Assignment >>
Print each line exactly, beginning with the one where "0^0 = 1, and" appears and ending at the last line below.
━━ Data for this task
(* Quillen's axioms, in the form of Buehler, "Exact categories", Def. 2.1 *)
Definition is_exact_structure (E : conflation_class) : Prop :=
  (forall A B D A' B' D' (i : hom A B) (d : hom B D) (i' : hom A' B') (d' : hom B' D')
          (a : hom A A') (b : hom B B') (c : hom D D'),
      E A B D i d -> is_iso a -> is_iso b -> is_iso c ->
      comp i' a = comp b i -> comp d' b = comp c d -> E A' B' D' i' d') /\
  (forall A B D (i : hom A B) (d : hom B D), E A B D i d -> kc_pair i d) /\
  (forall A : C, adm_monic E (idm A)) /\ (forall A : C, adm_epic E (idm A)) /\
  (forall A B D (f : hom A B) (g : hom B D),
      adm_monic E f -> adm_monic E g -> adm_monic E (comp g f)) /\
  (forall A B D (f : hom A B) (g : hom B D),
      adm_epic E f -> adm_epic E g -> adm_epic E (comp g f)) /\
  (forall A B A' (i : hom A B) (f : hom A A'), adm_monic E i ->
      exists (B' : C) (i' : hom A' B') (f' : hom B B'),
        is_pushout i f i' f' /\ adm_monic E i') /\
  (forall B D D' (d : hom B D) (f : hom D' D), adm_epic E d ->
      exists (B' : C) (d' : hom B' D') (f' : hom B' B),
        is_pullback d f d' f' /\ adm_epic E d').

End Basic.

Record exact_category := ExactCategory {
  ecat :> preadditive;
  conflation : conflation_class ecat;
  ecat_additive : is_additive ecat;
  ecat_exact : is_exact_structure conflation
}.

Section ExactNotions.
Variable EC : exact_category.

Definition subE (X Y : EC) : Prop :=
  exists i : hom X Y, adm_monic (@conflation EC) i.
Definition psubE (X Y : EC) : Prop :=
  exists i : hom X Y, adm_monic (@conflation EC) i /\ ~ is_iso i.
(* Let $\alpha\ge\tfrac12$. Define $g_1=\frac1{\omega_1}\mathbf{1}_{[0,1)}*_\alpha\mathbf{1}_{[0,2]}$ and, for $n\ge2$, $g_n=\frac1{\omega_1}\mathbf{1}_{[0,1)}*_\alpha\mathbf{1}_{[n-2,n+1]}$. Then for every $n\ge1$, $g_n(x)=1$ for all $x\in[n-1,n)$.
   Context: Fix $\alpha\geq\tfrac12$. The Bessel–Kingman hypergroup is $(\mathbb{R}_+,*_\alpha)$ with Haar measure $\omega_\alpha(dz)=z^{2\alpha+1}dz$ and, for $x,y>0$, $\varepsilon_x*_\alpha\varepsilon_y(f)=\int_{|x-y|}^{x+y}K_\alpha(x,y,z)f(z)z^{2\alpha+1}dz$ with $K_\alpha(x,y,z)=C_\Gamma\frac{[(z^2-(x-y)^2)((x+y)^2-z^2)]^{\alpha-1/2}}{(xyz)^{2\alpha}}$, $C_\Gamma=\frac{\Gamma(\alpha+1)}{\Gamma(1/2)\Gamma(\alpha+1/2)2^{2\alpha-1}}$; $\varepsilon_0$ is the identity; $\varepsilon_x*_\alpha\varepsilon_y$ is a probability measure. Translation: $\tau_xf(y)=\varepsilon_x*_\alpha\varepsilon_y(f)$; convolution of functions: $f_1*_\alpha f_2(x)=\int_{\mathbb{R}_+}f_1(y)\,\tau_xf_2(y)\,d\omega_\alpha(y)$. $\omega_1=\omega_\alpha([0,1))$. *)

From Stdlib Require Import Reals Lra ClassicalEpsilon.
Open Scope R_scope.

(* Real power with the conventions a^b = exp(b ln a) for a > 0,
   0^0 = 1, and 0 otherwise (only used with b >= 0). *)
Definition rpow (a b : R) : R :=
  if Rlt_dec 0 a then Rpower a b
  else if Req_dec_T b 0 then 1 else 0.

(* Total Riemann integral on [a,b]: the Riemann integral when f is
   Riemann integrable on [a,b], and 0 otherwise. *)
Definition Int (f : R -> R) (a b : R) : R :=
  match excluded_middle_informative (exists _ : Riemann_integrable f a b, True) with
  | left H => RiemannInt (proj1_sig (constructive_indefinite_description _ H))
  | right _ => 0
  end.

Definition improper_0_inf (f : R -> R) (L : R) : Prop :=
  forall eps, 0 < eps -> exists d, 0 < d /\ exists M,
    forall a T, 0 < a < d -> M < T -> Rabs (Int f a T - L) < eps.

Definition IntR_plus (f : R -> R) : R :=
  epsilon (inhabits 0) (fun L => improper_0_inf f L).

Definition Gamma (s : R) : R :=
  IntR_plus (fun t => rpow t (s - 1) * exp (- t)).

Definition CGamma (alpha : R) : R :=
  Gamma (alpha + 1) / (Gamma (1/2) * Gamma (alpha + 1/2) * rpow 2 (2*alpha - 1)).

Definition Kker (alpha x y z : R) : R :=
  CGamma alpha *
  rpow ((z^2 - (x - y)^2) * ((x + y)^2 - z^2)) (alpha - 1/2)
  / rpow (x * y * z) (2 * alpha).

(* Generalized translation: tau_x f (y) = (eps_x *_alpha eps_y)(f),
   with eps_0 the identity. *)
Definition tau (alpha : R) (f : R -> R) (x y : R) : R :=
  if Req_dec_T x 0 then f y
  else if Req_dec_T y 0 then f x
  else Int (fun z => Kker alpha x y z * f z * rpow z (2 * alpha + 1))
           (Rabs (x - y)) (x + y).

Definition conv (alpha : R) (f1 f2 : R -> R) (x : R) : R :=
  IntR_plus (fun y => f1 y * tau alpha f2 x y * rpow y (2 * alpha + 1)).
━━━━
Response to this task >>
   0^0 = 1, and 0 otherwise (only used with b >= 0). *)
Definition rpow (a b : R) : R :=
  if Rlt_dec 0 a then Rpower a b
  else if Req_dec_T b 0 then 1 else 0.

(* Total Riemann integral on [a,b]: the Riemann integral when f is
   Riemann integrable on [a,b], and 0 otherwise. *)
Definition Int (f : R -> R) (a b : R) : R :=
  match excluded_middle_informative (exists _ : Riemann_integrable f a b, True) with
  | left H => RiemannInt (proj1_sig (constructive_indefinite_description _ H))
  | right _ => 0
  end.

Definition improper_0_inf (f : R -> R) (L : R) : Prop :=
  forall eps, 0 < eps -> exists d, 0 < d /\ exists M,
    forall a T, 0 < a < d -> M < T -> Rabs (Int f a T - L) < eps.

Definition IntR_plus (f : R -> R) : R :=
  epsilon (inhabits 0) (fun L => improper_0_inf f L).

Definition Gamma (s : R) : R :=
  IntR_plus (fun t => rpow t (s - 1) * exp (- t)).

Definition CGamma (alpha : R) : R :=
  Gamma (alpha + 1) / (Gamma (1/2) * Gamma (alpha + 1/2) * rpow 2 (2*alpha - 1)).

Definition Kker (alpha x y z : R) : R :=
  CGamma alpha *
  rpow ((z^2 - (x - y)^2) * ((x + y)^2 - z^2)) (alpha - 1/2)
  / rpow (x * y * z) (2 * alpha).

(* Generalized translation: tau_x f (y) = (eps_x *_alpha eps_y)(f),
   with eps_0 the identity. *)
Definition tau (alpha : R) (f : R -> R) (x y : R) : R :=
  if Req_dec_T x 0 then f y
  else if Req_dec_T y 0 then f x
  else Int (fun z => Kker alpha x y z * f z * rpow z (2 * alpha + 1))
           (Rabs (x - y)) (x + y).

Definition conv (alpha : R) (f1 f2 : R -> R) (x : R) : R :=
  IntR_plus (fun y => f1 y * tau alpha f2 x y * rpow y (2 * alpha + 1)).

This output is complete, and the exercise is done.